The brilliance of Trump Straws is obvious. What they represent in the culture war, where journalists often cast conservatives as pouncers and seizers, is less self-evident, but arguably more important.
President Trump’s knack for picking the right fights, and then fighting the right way, is the best in modern politics, and that’s largely because his interests transcend conventional political boundaries, and his conduct flouts them.
Let’s consider this in the context of straws. Step one is recognizing the national proliferation of paper straws as a nonpartisan and apolitical gripe over a partisan and political product. Step two is using that gripe to persuade a nonpartisan audience that plastic straws are a casualty of the left’s radical effort to transform life as we know it. Trump is one of the few people capable of successfully fulfilling that mission.
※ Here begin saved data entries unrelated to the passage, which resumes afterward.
(* Let $V$ be a non-empty measurable subset of $\mathbb R^N$ ($N\ge1$), and let $\beta,\zeta\in C^0(\mathbb R)$ be nondecreasing with $\beta(0)=\zeta(0)=0$. Let $(w_m)_{m\in\mathbb N}$ be measurable functions on $V$ and $\overline\beta,\overline\zeta\in L^2(V)$ such that $\beta(w_m)\to\overline\beta$ and $\zeta(w_m)\to\overline\zeta$ weakly in $L^2(V)$, and such that for some $\varphi\in L^\infty(V)$ with $\varphi>0$ a.e. on $V$, $$\lim_{m\to\infty}\int_V\varphi\,\beta(w_m)\,\zeta(w_m)\,dz=\int_V\varphi\,\overline\beta\,\overline\zeta\,dz.$$ Then for any measurable $w$ on $V$ with $(\beta+\zeta)(w)=\overline\beta+\overline\zeta$ a.e. on $V$, one has $\overline\beta=\beta(w)$ and $\overline\zeta=\zeta(w)$ a.e. on $V$. *)

From HB Require Import structures.
From mathcomp Require Import all_boot all_order all_algebra.
From mathcomp Require Import all_classical all_reals all_analysis.
Set Implicit Arguments. Unset Strict Implicit. Unset Printing Implicit Defensive.
Import Order.TTheory GRing.Theory Num.Theory.
Import numFieldNormedType.Exports.
Local Open Scope classical_set_scope.
Local Open Scope ring_scope.

Definition L2 {d} {T : measurableType d} {R : realType}
  (mu : {measure set T -> \bar R}) (V : set T) (f : T -> R) : Prop :=
  measurable_fun V f /\ (\int[mu]_(x in V) ((f x) ^+ 2)%:E < +oo)%E.

Definition Linfty {d} {T : measurableType d} {R : realType}
  (mu : {measure set T -> \bar R}) (V : set T) (f : T -> R) : Prop :=
  measurable_fun V f /\ exists M : R, {ae mu, forall x, V x -> `|f x| <= M}.

Definition weak_L2_cvg {d} {T : measurableType d} {R : realType}
  (mu : {measure set T -> \bar R}) (V : set T) (u : nat -> T -> R) (f : T -> R)
  : Prop :=
  (forall m, L2 mu V (u m)) /\ L2 mu V f /\
  forall g, L2 mu V g ->
    (fun m => Rintegral mu V (fun x => u m x * g x)) @ \oo -->
      Rintegral mu V (fun x => f x * g x).

(* Since [beta] and [zeta] are nondecreasing, [(beta s - beta t) * (zeta s - zeta t) >= 0]
   for all [s, t].  Applied to [s = w_m] and [t = w] and weighted by [phi], this gives
   [0 <= int phi (beta(w_m) - beta(w)) (zeta(w_m) - zeta(w))].  Expanding the product,
   every term converges: the product of the two weakly converging factors by hypothesis,
   the cross terms by weak convergence against fixed L^2 functions.  Hence
   [0 <= int phi (betab - beta(w)) (zetab - zeta(w))].  As [betab + zetab = beta(w) + zeta(w)],
   the second factor is the opposite of the first, so [int phi (betab - beta(w))^2 <= 0],
   and [phi > 0] forces [betab = beta(w)] almost everywhere.  To make all these products
   integrable, [phi] is first replaced by its truncation to [[0, |M|]], which agrees with
   [phi] almost everywhere and is bounded everywhere. *)
From HB Require Import structures.
From mathcomp Require Import all_boot all_order all_algebra.
From mathcomp Require Import all_classical all_reals all_analysis.
From mathcomp Require Import measurable_realfun ring lra.
Import Order.TTheory GRing.Theory Num.Theory.
Import numFieldNormedType.Exports.
Local Open Scope classical_set_scope.
Local Open Scope ring_scope.

Set Implicit Arguments. Unset Strict Implicit.

Lemma nondecreasing_mul_subr_ge0 (R : realDomainType) (f g : R -> R) :
  {homo f : x y / x <= y} -> {homo g : x y / x <= y} ->
  forall s t, 0 <= (f s - f t) * (g s - g t).
Proof.
move=> hf hg s t; have [st|ts] := leP s t.
  by have := hf _ _ st; have := hg _ _ st; nra.
by have := hf _ _ (ltW ts); have := hg _ _ (ltW ts); nra.
Qed.

Lemma sqr_le_sqrD_of_mul_ge0 (R : realDomainType) (a b c e : R) :
  0 <= a * b -> a + b = c + e -> a ^+ 2 <= 2 * (c ^+ 2 + e ^+ 2).
Proof.
move=> ab0 abce; have : (a + b) ^+ 2 = (c + e) ^+ 2 by rewrite abce.
by have := sqr_ge0 b; have := sqr_ge0 (c - e); nra.
Qed.

Section L2_facts.
Context d (T : measurableType d) (R : realType) (mu : {measure set T -> \bar R}).
Variable V : set T.
Hypothesis mV : measurable V.

Lemma ae_eq_Rintegral (f g : T -> R) :
  measurable_fun V f -> measurable_fun V g ->
  ae_eq mu V f g -> Rintegral mu V f = Rintegral mu V g.
Proof.
move=> mf mg fg; congr fine; apply: ae_eq_integral => //.
- exact/measurable_EFinP.
- exact/measurable_EFinP.
by apply: filterS fg => x fgx Vx; rewrite /= fgx.
Qed.

Lemma integrable_subr (f g : T -> R) :
  mu.-integrable V (EFin \o f) -> mu.-integrable V (EFin \o g) ->
  mu.-integrable V (EFin \o (fun x => f x - g x)).
Proof.
move=> fi gi; have := integrableB mV fi gi.
by apply: (eq_integrable mV) => x _ /=; rewrite EFinB.
Qed.

Lemma integrable_addr (f g : T -> R) :
  mu.-integrable V (EFin \o f) -> mu.-integrable V (EFin \o g) ->
  mu.-integrable V (EFin \o (fun x => f x + g x)).
Proof.
move=> fi gi; have := integrableD mV fi gi.
by apply: (eq_integrable mV) => x _ /=; rewrite EFinD.
Qed.

Lemma L2_integrable_sqr (f : T -> R) :
  L2 mu V f -> mu.-integrable V (EFin \o (fun x => f x ^+ 2)).
Proof.
move=> [mf fi]; apply/integrableP; split.
  by apply/measurable_EFinP; exact: measurable_funX.
rewrite (eq_integral (fun x => (f x ^+ 2)%:E)) // => x _.
by rewrite /= ger0_norm // sqr_ge0.
Qed.

Lemma L2_integrable_mul (f g : T -> R) : L2 mu V f -> L2 mu V g ->
  mu.-integrable V (EFin \o (fun x => f x * g x)).
Proof.
move=> Lf Lg.
have := integrable_addr (L2_integrable_sqr Lf) (L2_integrable_sqr Lg).
apply: le_integrable => //.
  by apply/measurable_EFinP; apply: measurable_funM; [exact: Lf.1|exact: Lg.1].
move=> x _ /=; rewrite !lee_fin normrM (ger0_norm (addr_ge0 (sqr_ge0 _) (sqr_ge0 _))).
rewrite -(real_normK (num_real (f x))) -(real_normK (num_real (g x))).
by have := normr_ge0 (f x); have := normr_ge0 (g x); nra.
Qed.

Lemma L2_dominated (f1 f2 g : T -> R) (c : R) :
  L2 mu V f1 -> L2 mu V f2 -> measurable_fun V g -> 0 <= c ->
  {ae mu, forall x, V x -> g x ^+ 2 <= c * (f1 x ^+ 2 + f2 x ^+ 2)} ->
  L2 mu V g.
Proof.
move=> Lf1 Lf2 mg c0 gc; split => //.
have /integrableP[_ fin12] :=
  integrableZl mV c (integrable_addr (L2_integrable_sqr Lf1) (L2_integrable_sqr Lf2)).
apply: le_lt_trans fin12; apply: ae_ge0_le_integral => //.
- by move=> x _; rewrite lee_fin sqr_ge0.
- by apply/measurable_EFinP; exact: measurable_funX.
- apply: measurableT_comp => //; apply: measurable_funeM; apply/measurable_EFinP.
  by apply: measurable_funD; apply: measurable_funX; [exact: Lf1.1|exact: Lf2.1].
apply: filterS gc => x gcx Vx.
by rewrite /comp -EFinM /= lee_fin (le_trans (gcx Vx)) // ler_norm.
Qed.

Lemma L2_of_mul_ge0_addr_eq (a b f g : T -> R) :
  L2 mu V f -> L2 mu V g -> measurable_fun V a -> (forall x, 0 <= a x * b x) ->
  {ae mu, forall x, V x -> a x + b x = f x + g x} -> L2 mu V a.
Proof.
move=> Lf Lg ma ab0 abfg; apply: (L2_dominated Lf Lg ma (c := 2)) => //.
by apply: filterS abfg => x abfgx Vx; exact: sqr_le_sqrD_of_mul_ge0 (ab0 x) (abfgx Vx).
Qed.

Lemma L2_mul_bounded (p f : T -> R) (M : R) :
  measurable_fun V p -> (forall x, V x -> `|p x| <= M) ->
  L2 mu V f -> L2 mu V (fun x => p x * f x).
Proof.
move=> mp pM Lf; apply: (L2_dominated Lf Lf (c := M ^+ 2)).
- by apply: measurable_funM => //; exact: Lf.1.
- exact: sqr_ge0.
apply: aeW => x Vx; rewrite exprMn.
have pM2 : p x ^+ 2 <= M ^+ 2.
  by rewrite -real_normK ?num_real // lerXn2r ?nnegrE ?(le_trans _ (pM x Vx)).
by have := sqr_ge0 (f x); have := sqr_ge0 (p x); nra.
Qed.

Lemma L2_subr (f g : T -> R) :
  L2 mu V f -> L2 mu V g -> L2 mu V (fun x => f x - g x).
Proof.
move=> Lf Lg; apply: (L2_dominated Lf Lg (c := 2)) => //.
  by apply: measurable_funB; [exact: Lf.1|exact: Lg.1].
by apply: aeW => x _; have := sqr_ge0 (f x + g x); nra.
Qed.

Lemma Linfty_pos_truncation (phi : T -> R) :
  Linfty mu V phi -> {ae mu, forall x, V x -> 0 < phi x} ->
  exists psi : T -> R, exists M : R,
    [/\ measurable_fun V psi, forall x, 0 <= psi x, forall x, `|psi x| <= M,
        ae_eq mu V phi psi & {ae mu, forall x, V x -> 0 < psi x}].
Proof.
move=> [mphi [M phiM]] phi_gt0.
pose psi x := Num.min (Num.max (phi x) 0) `|M|.
have phi_psi : ae_eq mu V phi psi.
  apply: filterS2 phiM phi_gt0 => x phiMx phix Vx.
  rewrite /psi max_l ?ltW ?phix // min_l //.
  by rewrite (le_trans (ler_norm _)) // (le_trans (phiMx Vx)) // ler_norm.
exists psi, `|M|; split.
- by apply: measurable_minr => //; exact: measurable_maxr.
- by move=> x; rewrite /psi le_min le_max lexx orbT normr_ge0.
- move=> x; rewrite /psi ger0_norm ?ge_min ?lexx ?orbT //.
  by rewrite le_min le_max lexx orbT normr_ge0.
- exact: phi_psi.
by apply: filterS2 phi_psi phi_gt0 => x phipsix phix Vx; rewrite -phipsix ?phix.
Qed.

Lemma Rintegral_weight_ae_eq (phi psi f g : T -> R) :
  measurable_fun V phi -> measurable_fun V psi ->
  measurable_fun V f -> measurable_fun V g -> ae_eq mu V phi psi ->
  Rintegral mu V (fun x => phi x * f x * g x) =
  Rintegral mu V (fun x => psi x * f x * g x).
Proof.
move=> mphi mpsi mf mg phi_psi.
have mpfg (p : T -> R) : measurable_fun V p -> measurable_fun V (fun x => p x * f x * g x).
  by move=> mp; exact: measurable_funM (measurable_funM mp mf) mg.
apply: ae_eq_Rintegral; [exact: mpfg|exact: mpfg|].
by apply: filterS phi_psi => x phipsix Vx; rewrite phipsix.
Qed.

Section bounded_weight.
Variables (psi : T -> R) (M : R).
Hypotheses (mpsi : measurable_fun V psi) (psiM : forall x, V x -> `|psi x| <= M).

Lemma Rintegral_weight_mul_subr (f g u v : T -> R) :
  L2 mu V f -> L2 mu V g -> L2 mu V u -> L2 mu V v ->
  Rintegral mu V (fun x => psi x * (f x - u x) * (g x - v x)) =
  Rintegral mu V (fun x => psi x * f x * g x)
  - Rintegral mu V (fun x => f x * (psi x * v x))
  - Rintegral mu V (fun x => g x * (psi x * u x))
  + Rintegral mu V (fun x => psi x * u x * v x).
Proof.
move=> Lf Lg Lu Lv.
have ifg := L2_integrable_mul (L2_mul_bounded mpsi psiM Lf) Lg.
have ifv := L2_integrable_mul Lf (L2_mul_bounded mpsi psiM Lv).
have igu := L2_integrable_mul Lg (L2_mul_bounded mpsi psiM Lu).
have iuv := L2_integrable_mul (L2_mul_bounded mpsi psiM Lu) Lv.
rewrite -RintegralB // -RintegralB ?integrable_subr //.
rewrite -RintegralD ?integrable_subr //.
by apply: eq_Rintegral => x _; ring.
Qed.

Lemma weak_L2_cvg_Rintegral_weight_mul_subr (u v : nat -> T -> R) (f g a b : T -> R) :
  weak_L2_cvg mu V u f -> weak_L2_cvg mu V v g -> L2 mu V a -> L2 mu V b ->
  (fun m => Rintegral mu V (fun x => psi x * u m x * v m x)) @ \oo -->
    Rintegral mu V (fun x => psi x * f x * g x) ->
  (fun m => Rintegral mu V (fun x => psi x * (u m x - a x) * (v m x - b x))) @ \oo -->
    Rintegral mu V (fun x => psi x * (f x - a x) * (g x - b x)).
Proof.
move=> [Lu [Lf uf]] [Lv [Lg vg]] La Lb uvfg.
rewrite (Rintegral_weight_mul_subr Lf Lg La Lb).
rewrite (funext (fun m => Rintegral_weight_mul_subr (Lu m) (Lv m) La Lb)).
apply: cvgD; last exact: cvg_cst.
apply: cvgB; first apply: cvgB => //.
- exact/uf/(L2_mul_bounded mpsi psiM).
- exact/vg/(L2_mul_bounded mpsi psiM).
Qed.

Lemma Rintegral_ge0_ae_eq0 (h : T -> R) : (forall x, V x -> 0 <= h x) ->
  mu.-integrable V (EFin \o h) -> Rintegral mu V h = 0 ->
  {ae mu, forall x, V x -> h x = 0}.
Proof.
move=> h0 hi hR.
have hE0 : (\int[mu]_(x in V) (h x)%:E = 0)%E.
  by rewrite -(fineK (integrable_fin_num mV hi)) /Rintegral in hR *; rewrite hR.
have := (ae_eq_integral_abs mu mV (measurable_int _ hi)).1.
rewrite (eq_integral (fun x => (h x)%:E)); last first.
  by move=> x /[!inE] Vx /=; rewrite ger0_norm ?h0.
by move=> /(_ hE0); apply: filterS => x hx Vx; case: (hx Vx).
Qed.

Lemma ae_eq0_of_Rintegral_weight_mul_ge0 (h k : T -> R) :
  (forall x, 0 <= psi x) -> {ae mu, forall x, V x -> 0 < psi x} ->
  L2 mu V h -> L2 mu V k -> {ae mu, forall x, V x -> h x + k x = 0} ->
  0 <= Rintegral mu V (fun x => psi x * h x * k x) ->
  {ae mu, forall x, V x -> h x = 0}.
Proof.
move=> psi0 psi_gt0 Lh Lk hk0 hk_ge0.
have psihh0 x : 0 <= psi x * h x * h x by rewrite -mulrA -expr2 mulr_ge0 ?sqr_ge0.
have ihh := L2_integrable_mul (L2_mul_bounded mpsi psiM Lh) Lh.
have ihk := L2_integrable_mul (L2_mul_bounded mpsi psiM Lh) Lk.
have hh_hk0 : Rintegral mu V (fun x => psi x * h x * h x)
    + Rintegral mu V (fun x => psi x * h x * k x) = 0.
  rewrite -RintegralD // -(mul0r (fine (mu V))) -Rintegral_cst //.
  apply: ae_eq_Rintegral; first exact/measurable_EFinP/measurable_int/integrable_addr.
    exact: measurable_cst.
  by apply: filterS hk0 => x hkx Vx; rewrite -mulrDr hkx ?mulr0.
have hh0 : Rintegral mu V (fun x => psi x * h x * h x) = 0.
  by have := @Rintegral_ge0 _ _ _ mu V _ (fun x _ => psihh0 x); lra.
apply: filterS2 (Rintegral_ge0_ae_eq0 (fun x _ => psihh0 x) ihh hh0) psi_gt0.
move=> x hhx psix Vx; apply/eqP.
by move: (hhx Vx) => /eqP; rewrite -mulrA mulf_eq0 (gt_eqF (psix Vx)) mulf_eq0 orbb.
Qed.

End bounded_weight.
End L2_facts.

Theorem lemma5p5 (d : measure_display) (T : measurableType d) (R : realType)
  (mu : {measure set T -> \bar R}) (V : set T)
  (beta zeta : R -> R) (w_ : nat -> T -> R) (betab zetab phi w : T -> R) :
  measurable V -> V !=set0 ->
  continuous beta -> continuous zeta ->
  {homo beta : x y / x <= y} -> {homo zeta : x y / x <= y} ->
  beta 0 = 0 -> zeta 0 = 0 ->
  (forall m, measurable_fun V (w_ m)) ->
  L2 mu V betab -> L2 mu V zetab ->
  weak_L2_cvg mu V (fun m x => beta (w_ m x)) betab ->
  weak_L2_cvg mu V (fun m x => zeta (w_ m x)) zetab ->
  Linfty mu V phi -> {ae mu, forall x, V x -> 0 < phi x} ->
  (fun m => Rintegral mu V (fun z => phi z * beta (w_ m z) * zeta (w_ m z)))
    @ \oo --> Rintegral mu V (fun z => phi z * betab z * zetab z) ->
  measurable_fun V w ->
  {ae mu, forall x, V x -> beta (w x) + zeta (w x) = betab x + zetab x} ->
  {ae mu, forall x, V x -> betab x = beta (w x)} /\
  {ae mu, forall x, V x -> zetab x = zeta (w x)}.
Proof.
move=> mV _ cbeta czeta hbeta hzeta beta0 zeta0 _ Lbetab Lzetab wbeta wzeta
  Lphi phi_gt0 cvg_prod mw sum_w.
have mono := nondecreasing_mul_subr_ge0 hbeta hzeta.
have prod_ge0 t : 0 <= beta t * zeta t by have := mono t 0; rewrite beta0 zeta0 !subr0.
have Lbetaw : L2 mu V (beta \o w).
  apply: (L2_of_mul_ge0_addr_eq mV Lbetab Lzetab _ (fun x => prod_ge0 (w x)) sum_w).
  exact: measurableT_comp (continuous_measurable_fun cbeta) mw.
have Lzetaw : L2 mu V (zeta \o w).
  apply: (L2_of_mul_ge0_addr_eq (b := beta \o w) mV Lbetab Lzetab).
  - exact: measurableT_comp (continuous_measurable_fun czeta) mw.
  - by move=> x; rewrite mulrC; exact: prod_ge0.
  - by apply: filterS sum_w => x sx Vx; rewrite addrC sx.
have [psi [M [mpsi psi0 psiM phi_psi psi_gt0]]] :=
  Linfty_pos_truncation Lphi phi_gt0.
have psiMV x (_ : V x) := psiM x.
have cvg_prod_psi :
    (fun m => Rintegral mu V (fun z => psi z * beta (w_ m z) * zeta (w_ m z)))
    @ \oo --> Rintegral mu V (fun z => psi z * betab z * zetab z).
  have phi_psi_m m :
      Rintegral mu V (fun z => phi z * beta (w_ m z) * zeta (w_ m z)) =
      Rintegral mu V (fun z => psi z * beta (w_ m z) * zeta (w_ m z)).
    by have := Rintegral_weight_ae_eq mV Lphi.1 mpsi (wbeta.1 m).1 (wzeta.1 m).1 phi_psi.
  rewrite -(funext phi_psi_m).
  by rewrite -(Rintegral_weight_ae_eq mV Lphi.1 mpsi Lbetab.1 Lzetab.1 phi_psi).
have lim_ge0 : 0 <= Rintegral mu V
    (fun x => psi x * (betab x - beta (w x)) * (zetab x - zeta (w x))).
  have := weak_L2_cvg_Rintegral_weight_mul_subr
    mV mpsi psiMV wbeta wzeta Lbetaw Lzetaw cvg_prod_psi.
  move=> /cvgr_to_ge; apply; apply: nearW => m.
  by apply: Rintegral_ge0 => x _; rewrite -mulrA mulr_ge0 ?psi0 ?mono.
have betab_w : {ae mu, forall x, V x -> betab x = beta (w x)}.
  have opp : {ae mu, forall x, V x ->
      (betab x - beta (w x)) + (zetab x - zeta (w x)) = 0}.
    by apply: filterS sum_w => x sx Vx; rewrite addrACA -opprD sx ?subrr.
  apply: filterS (ae_eq0_of_Rintegral_weight_mul_ge0 mV mpsi psiMV psi0 psi_gt0
    (L2_subr mV Lbetab Lbetaw) (L2_subr mV Lzetab Lzetaw) opp lim_ge0).
  by move=> x hx Vx; apply/eqP; rewrite -subr_eq0 hx.
split => //; apply: filterS2 betab_w sum_w => x bx sx Vx.
by have := bx Vx; have := sx Vx; lra.
Qed.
Reportedly at the urging of manager Brad Parscale, the president’s campaign slapped “TRUMP” on some reusable straws, sold them in $15 packs of ten, and in less than two weeks made almost $500,000—some 40 percent of which came from first-time donors.
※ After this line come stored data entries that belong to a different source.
(* Continuity at (0, 0) propagates to every point (x, y) through
   u (a, b) = u (a - x, b - y) + u (a - x, y) + u (x, b - y) + u (x, y),
   the middle terms being handled by separate continuity. *)
Lemma bihom_continuous_from_zero {G H L : zmodType} (cG : convergence G) (cH : convergence H)
  (op : set (set L)) (u : G * H -> L) :
  is_conv_group cG -> is_conv_group cH -> is_top_group op ->
  bihom u -> sep_continuous cG cH (top_conv op) u ->
  (forall F, is_filter F -> cG (fmap fst F) 0 -> cH (fmap snd F) 0 -> top_conv op (fmap u F) 0) ->
  continuous (prod_conv cG cH) (top_conv op) u.
Proof.
  intros HGg HHg Htg Hb [HsH HsG] Hzero F [x y] [HF [Hx Hy]]. simpl in Hx, Hy.
  set (F0 := fmap (fun q : G * H => (q.1 - x, q.2 - y)) F).
  have Gx : cG (fmap fst F0) 0 := shift_conv HGg HF Hx.
  have Hy0 : cH (fmap snd F0) 0 := shift_conv HHg HF Hy.
  have T1 := Hzero F0 (fmap_filter _ HF) Gx Hy0.
  have T2 := HsG y _ _ Gx. rewrite /= (bihom_0l y Hb) in T2.
  have T3 := HsH x _ _ Hy0. rewrite /= (bihom_0r x Hb) in T3.
  have T4 := const_conv op (u (x, y)) HF.
  have Tsum := add_conv Htg HF (add_conv Htg HF T1 T2) (add_conv Htg HF T3 T4).
  rewrite !add0r in Tsum. apply: (conv_ext HF _ Tsum).
  intros [a b]. destruct Hb as [Hb1 Hb2]. symmetry.
  by rewrite /= -{1}(subrK x a) -{1}(subrK y b) Hb1 !Hb2.
Qed.

Theorem theorem3p3 (G H L : zmodType) (cG : convergence G) (cH : convergence H)
  (opL : set (set L)) (u : G * H -> L) :
  is_conv_group cG -> is_conv_group cH -> g_barrelled cG ->
  is_top_group opL -> locally_quasi_convex opL ->
  bihom u -> sep_continuous cG cH (top_conv opL) u ->
  (locally_compact cH \/ (first_countable cG /\ first_countable cH)) ->
  continuous (prod_conv cG cH) (top_conv opL) u.
Proof.
  intros HGg HHg Hgb Htg Hlqc Hb Hs Hcase.
  apply (bihom_continuous_from_zero HGg HHg Htg Hb Hs).
  intros F HF HFG HFH.
  exact (bihom_continuous_at_zero (proj1 HHg) Hgb Htg Hlqc Hb Hs Hcase HF HFG HFH).
Qed.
“Liberal paper straws don’t work. STAND WITH PRESIDENT TRUMP and buy your pack of recyclable straws today,” is how the campaign captions its product. Trump has, of course, has mounted no policy thrust against paper straws, most of which are mandated in localities or by corporations. That doesn’t matter. For better or worse, he’s successfully cast himself as the symbolic bulwark against cultural leftism. Again, it’s a role that transcends the left-right divide.
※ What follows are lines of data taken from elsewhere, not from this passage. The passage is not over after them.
Lemma phi_witness_LamRm (X Y : M) :
  phi_witness X Y -> phi_witness (LamRm Y) (invLamRm X Y).
Proof.
move=> wY; have [_ _ _ Y_star] := wY; have [d_unit e_unit] := row_of_units_LamR Y_star.
rewrite LamRm_dscale; apply: phi_witness_dscale => //.
by rewrite -LamRm_dscale hatb_LamRm.
Qed.

Lemma LamRm_coLamL (X Y : M) : phi_witness X Y -> LamRm (invLamLm X Y) = X.
Proof.
case=> X_hat X_star _ Y_star; have [d_unit e_unit] := row_of_units_LamL Y_star.
rewrite LamRm_dscaleE //; try exact: row_of_units_inv.
by rewrite mxE invrK LamL_row0 // sconj1 LamRm_hat.
Qed.

Lemma LamLm_coLamR (X Y : M) : phi_witness X Y -> LamLm (invLamRm X Y) = X.
Proof.
case=> X_hat X_star _ Y_star; have [d_unit e_unit] := row_of_units_LamR Y_star.
rewrite LamLm_dscaleE //; try exact: row_of_units_inv.
by rewrite mxE LamR_col0 // invr1 sconj1 LamLm_hat.
Qed.

Lemma J2E (A : M) : J2 A = if starb A then Some (J2m A) else None.
Proof. by []. Qed.

Lemma LamLE (A : M) : LamL A = if starb A then Some (LamLm A) else None.
Proof. by []. Qed.

Lemma LamRE (A : M) : LamR A = if starb A then Some (LamRm A) else None.
Proof. by []. Qed.

Lemma J1_Some (A B : M) : J1 A = Some B <-> is_inverse A B.
Proof.
rewrite /J1; case: excluded_middle_informative => [A_inv | A_not_inv]; last first.
  by split=> // AB; case: A_not_inv; exists B.
have AC := proj2_sig (constructive_indefinite_description _ A_inv).
by split=> [[<-] // | AB]; rewrite (is_inverse_uniq AC AB).
Qed.

Lemma PhiP (X Z : M) :
  Phi X = Some Z <-> exists2 Y, phi_witness X Y & Z = J2m (LamLm Y).
Proof.
rewrite /Phi /Defs.pcomp; split.
  case: (boolP (hatb X)) => // X_hat; case: (boolP (starb X)) => //= X_star.
  case XY: (J1 X) => [Y|] //; rewrite LamLE; case: (boolP (starb Y)) => // Y_star.
  rewrite J2E starb_LamLm // => -[<-].
  by exists Y => //; split => //; apply/J1_Some.
case=> Y [X_hat X_star /J1_Some XY Y_star] ->.
by rewrite X_hat X_star XY LamLE Y_star J2E starb_LamLm.
Qed.

Lemma PhiinvP (A Q : M) :
  Phiinv A = Some Q <-> exists2 C, phi_witness (J2m A) C & Q = LamRm C.
Proof.
rewrite /Phiinv /Jinv /Defs.pcomp J2E; split.
  case: (boolP (hatb A)) => // A_hat; case: (boolP (starb A)) => // A_star.
  case AC: (J1 (J2m A)) => [C|] //; rewrite LamRE; case: (boolP (starb C)) => // C_star.
  move=> -[<-]; exists C => //.
  by split; rewrite ?hatb_J2m ?starb_J2m //; apply/J1_Some.
case=> C []; rewrite hatb_J2m starb_J2m => A_hat A_star /J1_Some AC C_star ->.
by rewrite A_hat A_star AC LamRE C_star.
Qed.

Lemma PsiP (A P : M) :
  Psi A = Some P <-> exists2 C, phi_witness (J2m A) C & P = LamLm C.
Proof.
rewrite /Psi /Defs.pcomp J2E; split.
  case: (boolP (starb A)) => // A_star; case AZ: (Phi (J2m A)) => [Z|] //.
  have [C wC ->] := proj1 (PhiP _ _) AZ; have [_ _ _ C_star] := wC.
  rewrite J2E starb_J2m starb_LamLm // J2mK => -[<-].
  by exists C.
case=> C wC ->; have [_ ] := wC; rewrite starb_J2m => A_star _ C_star.
rewrite A_star /=.
have -> : Phi (J2m A) = Some (J2m (LamLm C)) by apply/PhiP; exists C.
by rewrite J2E starb_J2m starb_LamLm // J2mK.
Qed.

End PartialMaps.

Section Proposition4.
Variables (R : unitRingType) (n : nat).
Notation M := 'M[R]_n.+1.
Yet Trump’s not really the one picking these fights, is he? He may be more aggressive, but ultimately the president’s on defense, just like every other culture warrior. The straws illustrate that important point. We’re only brawling over these commonplace implements because the left picked the fight first.
From bathrooms to flags, they’re actually targeting valued fixtures of everyday life, putting everyone else on defense. The left politicized straws long before Trump did. His campaign just had the acumen to plunge into the fray (and with a smart approach).
All this is to say it’s fairly important to recognize what should be an obvious point about the culture war: that the left is on offense and the right is almost always on defense. But with a gladiatorial president and a media anxious to fault conservatives for fomenting divisive battles, it’s a point that often gets lost.